Именно ритуал, в своей неизменной традиции, определённый в каждом аспекте ритуала как традиции трансцендентального действия, был центром, вокруг которого вращались не только римская жизнь, но и римское величие. Валерио Массимо (I,1, 3) упоминает, что римляне приписывали свою удачу ритуальной щепетильности. Согласно Ливию (XVII, 9), после ужасной битвы при Трасимене не жрец, а генерал Фабий сказал солдатам: «Ваша ошибка заключается скорее в пренебрежении жертвоприношениями, чем в недостатке храбрости или умения». Плутарх («Жизнь Марцелла», 4) упоминает, что в трагические моменты галльской войны римляне «думали, что для защиты города более важно, чтобы консулы практиковали божественные вещи, нежели разбили врага». Загадка изначальности господствовала: «Рим не мог бы приобрести такую большую власть, если бы у него не было божественного происхождения, чтобы показать людям что–то великое и непостижимое» (Плутарх, «Об удаче римлян», I, 8). И, в качестве последнего эхо, император Юлиан («Против галилеян», 222с) не колеблется, говоря, что он не может противопоставить «владение как всеми варварскими странами, так и Римом» ритуальному знанию богов.
Всякий, кто не может видеть мужское, сдержанное величие этой духовности, потому что всякая «религиозная близость», любой сентиментализм и теологические спекуляции кажутся почти отсутствующими в этом мире, состоящем из numina и riti, [5] мог бы склониться к определению римского взгляда на священное как «магического примитивизма», почти как у дикарей.

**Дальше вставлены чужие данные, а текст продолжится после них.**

(* Let $k$, $(U,Q)$, $f$, $L$, $\beta$ be as below. There is a bijection between the set of $\mathrm{O}(U)(k)$-orbits (under conjugation) on $V_f(k)$ and the set of classes $\alpha\in(L^\times/L^{\times2})_{N=1}$ such that the bilinear form $\langle\,,\rangle_\alpha$ on $L$ is split.
   Context: $k$ is a field of characteristic not $2$; $(U,Q)$ is the split quadratic space over $k$ of dimension $2n+2$ and discriminant $1$, with bilinear form $\langle v,w\rangle=Q(v+w)-Q(v)-Q(w)$; $f\in k[x]$ is monic of degree $2n+2$ with no repeated roots; $V_f(k)$ is the set of $k$-linear operators $T$ on $U$ with $\langle Tv,w\rangle=\langle v,Tw\rangle$ and characteristic polynomial $f$. $L=k[x]/f(x)$ and $\beta$ is the image of $x$. $(L^\times/L^{\times2})_{N=1}$ is the kernel of the norm map $L^\times/L^{\times2}\to k^\times/k^{\times2}$. For $\alpha\in L^\times$, $\langle\lambda,\mu\rangle_\alpha=\mathrm{Tr}_{L/k}(\alpha\lambda\mu/f'(\beta))$ (the coefficient of $\beta^{2n+1}$ in $\alpha\lambda\mu$); whether it is split depends only on the class of $\alpha$ modulo squares. *)

From HB Require Import structures.
From mathcomp Require Import all_boot all_order all_algebra all_field.
Set Implicit Arguments. Unset Strict Implicit. Unset Printing Implicit Defensive.
Import Order.TTheory GRing.Theory.
Local Open Scope ring_scope.

(* Conventions: U = k^(2n+2) as column vectors 'cV_(n.+1 + n.+1);
   split quadratic form Q(x) = sum_{i<=n} x_i * x_{n+1+i} (hyperbolic). *)

Definition QU (k : fieldType) (n : nat) (v : 'cV[k]_(n.+1 + n.+1)) : k :=
  \sum_(i < n.+1) v (lshift n.+1 i) 0 * v (rshift n.+1 i) 0.

Definition bU (k : fieldType) (n : nat) (v w : 'cV[k]_(n.+1 + n.+1)) : k :=
  QU (v + w) - QU v - QU w.

Definition selfadj (k : fieldType) (n : nat) (T : 'M[k]_(n.+1 + n.+1)) : Prop :=
  forall v w : 'cV[k]_(n.+1 + n.+1), bU (T *m v) w = bU v (T *m w).

Definition Vf (k : fieldType) (n : nat) (f : {poly k}) (T : 'M[k]_(n.+1 + n.+1)) : Prop :=
  selfadj T /\ char_poly T = f.

Definition OU (k : fieldType) (n : nat) (g : 'M[k]_(n.+1 + n.+1)) : Prop :=
  g \in unitmx /\ forall v, QU (g *m v) = QU v.

Definition orbit_rel (k : fieldType) (n : nat) (T T' : 'M[k]_(n.+1 + n.+1)) : Prop :=
  exists g, OU g /\ T' = g *m T *m invmx g.

(* Elements of L = k[x]/f are represented by polynomials; alpha is a unit of L
   iff coprimep alpha f.  Two units have the same class in L^x/L^x2 iff
   alpha' = alpha * lambda^2 in L for some unit lambda. *)
Definition sqclass_rel (k : fieldType) (f a a' : {poly k}) : Prop :=
  exists l : {poly k}, coprimep l f /\ f %| (a' - a * l ^+ 2).

(* N_{L/k}(alpha) = det of multiplication by alpha in the basis 1, beta, ..., beta^(2n+1) *)
Definition normL (k : fieldType) (n : nat) (f a : {poly k}) : k :=
  \det (\matrix_(i < n.+1 + n.+1, j < n.+1 + n.+1) ((a * 'X^j) %% f)`_i).

(* class of alpha lies in the kernel of the norm L^x/L^x2 -> k^x/k^x2 *)
Definition norm_sq (k : fieldType) (n : nat) (f a : {poly k}) : Prop :=
  exists c : k, normL n f a = c ^+ 2.

(* element of L with coordinates x in the basis 1, beta, ..., beta^(2n+1) *)
Definition poly_of (k : fieldType) (n : nat) (x : 'cV[k]_(n.+1 + n.+1)) : {poly k} :=
  \sum_(i < n.+1 + n.+1) x i 0 *: 'X^i.

(* <lambda, mu>_alpha = coefficient of beta^(2n+1) in alpha*lambda*mu *)
Definition bL (k : fieldType) (n : nat) (f a : {poly k}) (x y : 'cV[k]_(n.+1 + n.+1)) : k :=
  ((a * poly_of x * poly_of y) %% f)`_(n + n).+1.

(* <,>_alpha is split: (L, <,>_alpha) is isometric to the split space (U, <,>) *)
Definition split_form (k : fieldType) (n : nat) (f a : {poly k}) : Prop :=
  exists phi : 'M[k]_(n.+1 + n.+1), phi \in unitmx /\
    forall u v, bL f a (phi *m u) (phi *m v) = bU u v.

Arguments Vf {k} n f T.

From HB Require Import structures.
From mathcomp Require Import all_boot all_order all_algebra all_field.
From mathcomp Require Import ring zify.
From Stdlib Require Import Classical ClassicalEpsilon.
Set Implicit Arguments. Unset Strict Implicit. Unset Printing Implicit Defensive.
Import GRing.Theory.
Local Open Scope ring_scope.

(* For [T] in [V_f(k)] the separability of [f] gives a cyclic vector [v], so [p |-> p(T) v]
   identifies [L] with [U] and pulls [<,>] back to [<,>_a] for some [a].  Replacing [v] by
   another cyclic vector [l(T) v] multiplies [a] by [l^2], so the square class of [a] is an
   invariant of the O(U)-orbit of [T].  Nondegeneracy of [<,>] makes [a] a unit, [<,>_a] is
   split by construction, and comparing Gram determinants shows that [N(a)] is a square.
   Conversely, two operators with the same invariant are conjugate by the isometry matching
   their cyclic bases, and a split [<,>_a] transports multiplication by [beta] to an
   operator in [V_f(k)]. *)

(** * Matrices and polynomials *)

Section MatrixFacts.
Variable k : fieldType.

Lemma nonunitmx_ker m (A : 'M[k]_m) :
  A \notin unitmx -> exists2 v : 'cV_m, v != 0 & A *m v = 0.
Proof.
move=> nuA; have /det0P[v nz_v vA0] : \det A^T == 0.
  by rewrite det_tr; apply: contraNT nuA; rewrite unitmxE unitfE.
exists v^T; first by rewrite trmx_eq0.
by rewrite -[A]trmxK -trmx_mul vA0 trmx0.
Qed.

Lemma unitmx_ker m (A : 'M[k]_m) :
  (forall v : 'cV_m, A *m v = 0 -> v = 0) -> A \in unitmx.
Proof.
move=> ker0; apply: contraT => /nonunitmx_ker[v nz_v /ker0 v0].
by rewrite v0 eqxx in nz_v.
Qed.

Lemma mulmx_ext m (A B : 'M[k]_m) : (forall u : 'cV_m, A *m u = B *m u) -> A = B.
Proof.
move=> eqAB; apply/matrixP => i j.
by have /colP/(_ i) := eqAB (delta_mx j 0); rewrite -!colE !mxE.
Qed.

Lemma form_mx_ext m (A B : 'M[k]_m) :
  (forall u w : 'cV_m, (u^T *m A *m w) 0 0 = (u^T *m B *m w) 0 0) -> A = B.
Proof.
move=> eqAB; apply/matrixP => i j.
by move: (eqAB (delta_mx i 0) (delta_mx j 0)); rewrite trmx_delta -!rowE -!colE !mxE.
Qed.

Lemma char_poly_tr m (A : 'M[k]_m) : char_poly A^T = char_poly A.
Proof.
rewrite /char_poly -det_tr; congr (\det _).
by rewrite /char_poly_mx linearB /= tr_scalar_mx map_trmx trmxK.
Qed.

Lemma char_poly_uconj m (P A : 'M[k]_m) :
  P \in unitmx -> char_poly (invmx P *m A *m P) = char_poly A.
Proof.
move=> Pu; rewrite /char_poly; have -> : char_poly_mx (invmx P *m A *m P) =
    map_mx polyC (invmx P) *m char_poly_mx A *m map_mx polyC P.
  rewrite /char_poly_mx mulmxBr mulmxBl -!map_mxM; congr (_ - _).
  by rewrite scalar_mxC -mulmxA -map_mxM mulVmx // map_mx1 mulmx1.
rewrite !det_mulmx !det_map_mx mulrC mulrA -rmorphM /= -det_mulmx mulmxV //.
by rewrite det1 rmorph1 mul1r.
Qed.

Lemma char_poly_castmx m m' (e : m = m') (A : 'M[k]_m) :
  char_poly (castmx (e, e) A) = char_poly A.
Proof. by case: m' / e; rewrite castmx_id. Qed.

Lemma horner_mx_uconj_mul m (P T : 'M[k]_m.+1) p (x : 'cV_m.+1) : P \in unitmx ->
  horner_mx (P *m T *m invmx P) p *m (P *m x) = P *m (horner_mx T p *m x).
Proof. by move=> Pu; rewrite horner_mx_uconj // !mulmxA mulmxKV. Qed.

Lemma horner_mx_sum m (T : 'M[k]_m.+1) (g : {poly k}) :
  horner_mx T g = \sum_(i < size g) g`_i *: T ^+ i.
Proof.
rewrite -{1}[g]coefK poly_def linear_sum /=; apply: eq_bigr => i _.
by rewrite horner_mxZ rmorphXn /= horner_mx_X.
Qed.

(* ['X - T] divides [g(X) - g(T)] in the matrix ring over [{poly k}]; take determinants. *)
Lemma char_poly_dvd_exp m (T : 'M[k]_m.+1) (g : {poly k}) :
  horner_mx T g = 0 -> char_poly T %| g ^+ m.+1.
Proof.
move=> gT0.
pose X : 'M[{poly k}]_m.+1 := ('X : {poly k})%:M.
pose A : 'M[{poly k}]_m.+1 := map_mx polyC T.
have cXA : GRing.comm X A by rewrite /GRing.comm /X -!mulmxE scalar_mxC.
have gX : g%:M = \sum_(i < size g) (g`_i)%:P *: X ^+ i :> 'M[{poly k}]_m.+1.
  rewrite -{1}[g]coefK poly_def raddf_sum /=; apply: eq_bigr => i _.
  rewrite /X -mul_polyC -scale_scalar_mx; congr (_ *: _).
  by elim: (i : nat) => [|j IH]; rewrite ?expr0 // !exprS scalar_mxM IH mulmxE.
have gA : 0 = \sum_(i < size g) (g`_i)%:P *: A ^+ i :> 'M[{poly k}]_m.+1.
  transitivity (map_mx polyC (horner_mx T g)); first by rewrite gT0 map_mx0.
  rewrite horner_mx_sum raddf_sum /=; apply: eq_bigr => i _.
  by rewrite map_mxZ rmorphXn.
have -> : g ^+ m.+1 = \det (g%:M : 'M[{poly k}]_m.+1) by rewrite det_scalar.
rewrite -[g%:M]subr0 [X in _ - X]gA gX -sumrB.
rewrite (eq_bigr (fun i : 'I_(size g) => (X - A) *
    ((g`_i)%:P *: \sum_(j < i) X ^+ (i.-1 - j) * A ^+ j))) => [|i _]; last first.
  by rewrite -scalerBr (subrXX_comm _ cXA) scalerAr.
by rewrite -mulr_sumr -mulmxE det_mulmx dvdp_mulr.
Qed.

End MatrixFacts.

Lemma modp_sum (k : fieldType) (d : {poly k}) I (r : seq I) (P : pred I) F :
  (\sum_(i <- r | P i) F i) %% d = \sum_(i <- r | P i) (F i %% d).
Proof. by elim/big_rec2: _ => [|i x y _ <-]; rewrite ?mod0p ?modpD. Qed.

Lemma separable_dvd_exp (k : fieldType) (f g : {poly k}) e :
  separable_poly f -> f %| g ^+ e -> f %| g.
Proof.
move=> sep_f dvd_f.
set h := gcdp f g; set q := f %/ h.
have Df : f = q * h by rewrite divpK // dvdp_gcdl.
have cop_qg : coprimep q g.
  have cop_qh : coprimep q h by apply: (separable_coprime sep_f); rewrite -Df.
  apply/coprimepP => d d_q d_g; apply: (coprimepP _ _ cop_qh) => //.
  by rewrite dvdp_gcd d_g (dvdp_trans d_q) // Df dvdp_mulr.
have : coprimep q q.
  apply: (coprimep_dvdl _ (coprimep_expr e cop_qg)).
  by apply: dvdp_trans dvd_f; rewrite Df dvdp_mulr.
rewrite coprimepp => /size_poly1P[c nz_c Dq].
by rewrite Df Dq mul_polyC dvdpZl // dvdp_gcdr.
Qed.

(** * Cyclic vectors *)

Lemma reducible_poly_split (k : fieldType) (d : {poly k}) :
  (1 < size d)%N -> ~ irreducible_poly d ->
  exists d1 d2, [/\ d = d1 * d2, (size d1 < size d)%N & (size d2 < size d)%N].
Proof.
move=> d_gt1 red_d.
have [q [q_n1 q_d q_ndvd]] : exists q : {poly k}, [/\ size q != 1%N, q %| d & ~~ (q %= d)].
  apply: NNPP => nq; apply: red_d; split => // q q_n1 q_d.
  by apply: NNPP => nqd; apply: nq; exists q; split => //; apply/negP.
have nz_d : d != 0 by rewrite -size_poly_gt0 ltnW.
have nz_q : q != 0 by apply: contraNneq nz_d => q0; rewrite -dvd0p -q0.
exists (d %/ q), q; split; first by rewrite divpK.
  rewrite size_divp // ltn_subrL (ltnW d_gt1) andbT -subn1 subn_gt0.
  by rewrite ltn_neqAle eq_sym q_n1 size_poly_gt0.
by rewrite ltn_neqAle dvdp_leq // andbT dvdp_size_eqp.
Qed.

Definition mx_annihilator (k : fieldType) m (T : 'M[k]_m.+1) (v : 'cV_m.+1) d :=
  forall q, (horner_mx T q *m v == 0) = (d %| q).

Section CyclicVector.
Variables (k : fieldType) (m : nat) (T : 'M[k]_m.+1).
Local Notation hT := (horner_mx T).
Local Notation chi := (char_poly T).

Lemma horner_mxM_mulmx p q (v : 'cV_m.+1) : hT (p * q) *m v = hT p *m (hT q *m v).
Proof. by rewrite rmorphM /= -mulmxE mulmxA. Qed.

Lemma mx_annihilator_mul_coprime d1 d2 v1 v2 : coprimep d1 d2 ->
  mx_annihilator T v1 d1 -> mx_annihilator T v2 d2 ->
  mx_annihilator T (v1 + v2) (d1 * d2).
Proof.
move=> cop12 ann1 ann2 q; rewrite Gauss_dvdp //.
have part d d' w w' : coprimep d d' -> mx_annihilator T w d ->
    mx_annihilator T w' d' -> hT q *m (w + w') = 0 -> d %| q.
  move=> cop ann ann' qw0; rewrite -(Gauss_dvdpr _ cop) -ann; apply/eqP.
  have /eqP w'0 : hT d' *m w' == 0 by rewrite ann'.
  have : hT (d' * q) *m (w + w') = 0 by rewrite horner_mxM_mulmx qw0 mulmx0.
  by rewrite mulmxDr (mulrC d' q) [hT (q * d') *m w']horner_mxM_mulmx w'0 mulmx0 addr0.
apply/eqP/andP => [q0|[q1 q2]].
  split; first exact: part ann1 ann2 q0.
  by apply: (part _ _ v2 v1 _ ann2 ann1); rewrite 1?coprimep_sym // addrC.
by move: (ann1 q) (ann2 q); rewrite q1 q2 mulmxDr => /eqP -> /eqP ->; rewrite addr0.
Qed.

Lemma mx_annihilator_uconj P v d : P \in unitmx ->
  mx_annihilator T v d -> mx_annihilator (P *m T *m invmx P) (P *m v) d.
Proof.
move=> Pu ann q; rewrite horner_mx_uconj_mul // -ann.
by rewrite -{1}(mulmx0 _ P) (can_eq (mulKmx Pu)).
Qed.

Hypothesis sep_chi : separable_poly chi.

Lemma irreducible_char_ker d : irreducible_poly d -> d %| chi ->
  exists2 v : 'cV_m.+1, v != 0 & hT d *m v = 0.
Proof.
move=> [d_gt1 _] d_chi; apply/nonunitmx_ker; apply/negP => dTu.
have nz_chi : chi != 0 by rewrite -size_poly_eq0 size_char_poly.
have Dchi : chi = chi %/ d * d by rewrite divpK.
have nz_d : d != 0 by rewrite -size_poly_gt0 ltnW.
have qT0 : hT (chi %/ d) = 0.
  have := Cayley_Hamilton T; rewrite {1}Dchi rmorphM /= -mulmxE.
  by move/(congr1 (mulmx^~ (invmx (hT d)))); rewrite mulmxK // mul0mx.
have nz_q : chi %/ d != 0 by apply: contraNneq nz_chi => q0; rewrite Dchi q0 mul0r.
have := dvdp_leq nz_q (separable_dvd_exp sep_chi (char_poly_dvd_exp qT0)).
by rewrite size_divp // size_char_poly; lia.
Qed.

Lemma mx_annihilator_irreducible d : irreducible_poly d -> d %| chi ->
  exists v, mx_annihilator T v d.
Proof.
move=> irr_d d_chi; have [v nz_v dv0] := irreducible_char_ker irr_d d_chi.
exists v => q; apply/eqP/idP => [qv0|/divpK <-]; last first.
  by rewrite horner_mxM_mulmx dv0 mulmx0.
apply: contraNT nz_v; rewrite -irreducible_poly_coprime // => /Bezout_eq1_coprimepP[[u w] /= Duw].
rewrite -[v]mul1mx -(horner_mx_C T 1) polyC1 -Duw rmorphD /= mulmxDl.
by rewrite !horner_mxM_mulmx qv0 dv0 !mulmx0 addr0.
Qed.

Lemma mx_annihilator_dvd d : d %| chi -> exists v, mx_annihilator T v d.
Proof.
have [s] := ubnP (size d); elim: s d => // s IH d /ltnSE d_le d_chi.
have nz_d : d != 0 by apply: contraTneq d_chi => ->; rewrite dvd0p -size_poly_eq0 size_char_poly.
have [d_le1|d_gt1] := leqP (size d) 1.
  exists 0 => q; rewrite mulmx0 eqxx; apply/esym.
  have Dd := size1_polyC d_le1.
  by rewrite Dd -[_%:P]mulr1 mul_polyC dvdpZl ?dvd1p // -polyC_eq0 -Dd.
case: (classic (irreducible_poly d)) => [irr_d|red_d]; first exact: mx_annihilator_irreducible.
have [d1 [d2 [Dd lt_d1 lt_d2]]] := reducible_poly_split d_gt1 red_d.
rewrite Dd in d_chi.
have [v1 ann1] := IH d1 (leq_trans lt_d1 d_le) (dvdp_trans (dvdp_mulIl d1 d2) d_chi).
have [v2 ann2] := IH d2 (leq_trans lt_d2 d_le) (dvdp_trans (dvdp_mulIr d1 d2) d_chi).
exists (v1 + v2); rewrite Dd; apply: mx_annihilator_mul_coprime => //.
exact: separable_coprime sep_chi d_chi.
Qed.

Кажется, что и сам Маккиоро придерживается этого мнения. Но читатель знает уже достаточно, чтобы не впасть в подобное непонимание: если «магия» могла быть традиционной древней наукой не такого уж высокого рода, которую римляне неоднократно запрещали, она, тем не менее, может отмечать такое же духовное отношение по сравнению с «религиозным» (в общем, «набожном» смысле), как мужское по сравнению с женским, как «солнечное» по сравнению с «лунным». Что касается дикарей, то читатель знает, что для нас они представляю собой тёмные остатки древнейших рас и цивилизаций, сами имена которых зачастую сегодня утеряны. И так как то, что было в самом начале, было не низшим, а высшим, самым близким к абсолютной духовности, тот факт, что определённые традиции среди дикарей сохраняются только в материализированных, грубых и выродившихся формах, не должен отпугивать нас от признания их смысла и достоинства, которым они обладают, если возвести их обратно к первопричине. Это же во многом касается и «магии» (не колдовства) у дикарей. Первоначальный Рим воплотил — не в выродившихся формах, как у этих жалких остатков, а в по–прежнему ясных и осознанных формах, изначальную духовность, оплодотворявшую всю его жизнь и скрыто придававшую силу его величию именно посредством ритуала и ритуальных традиций.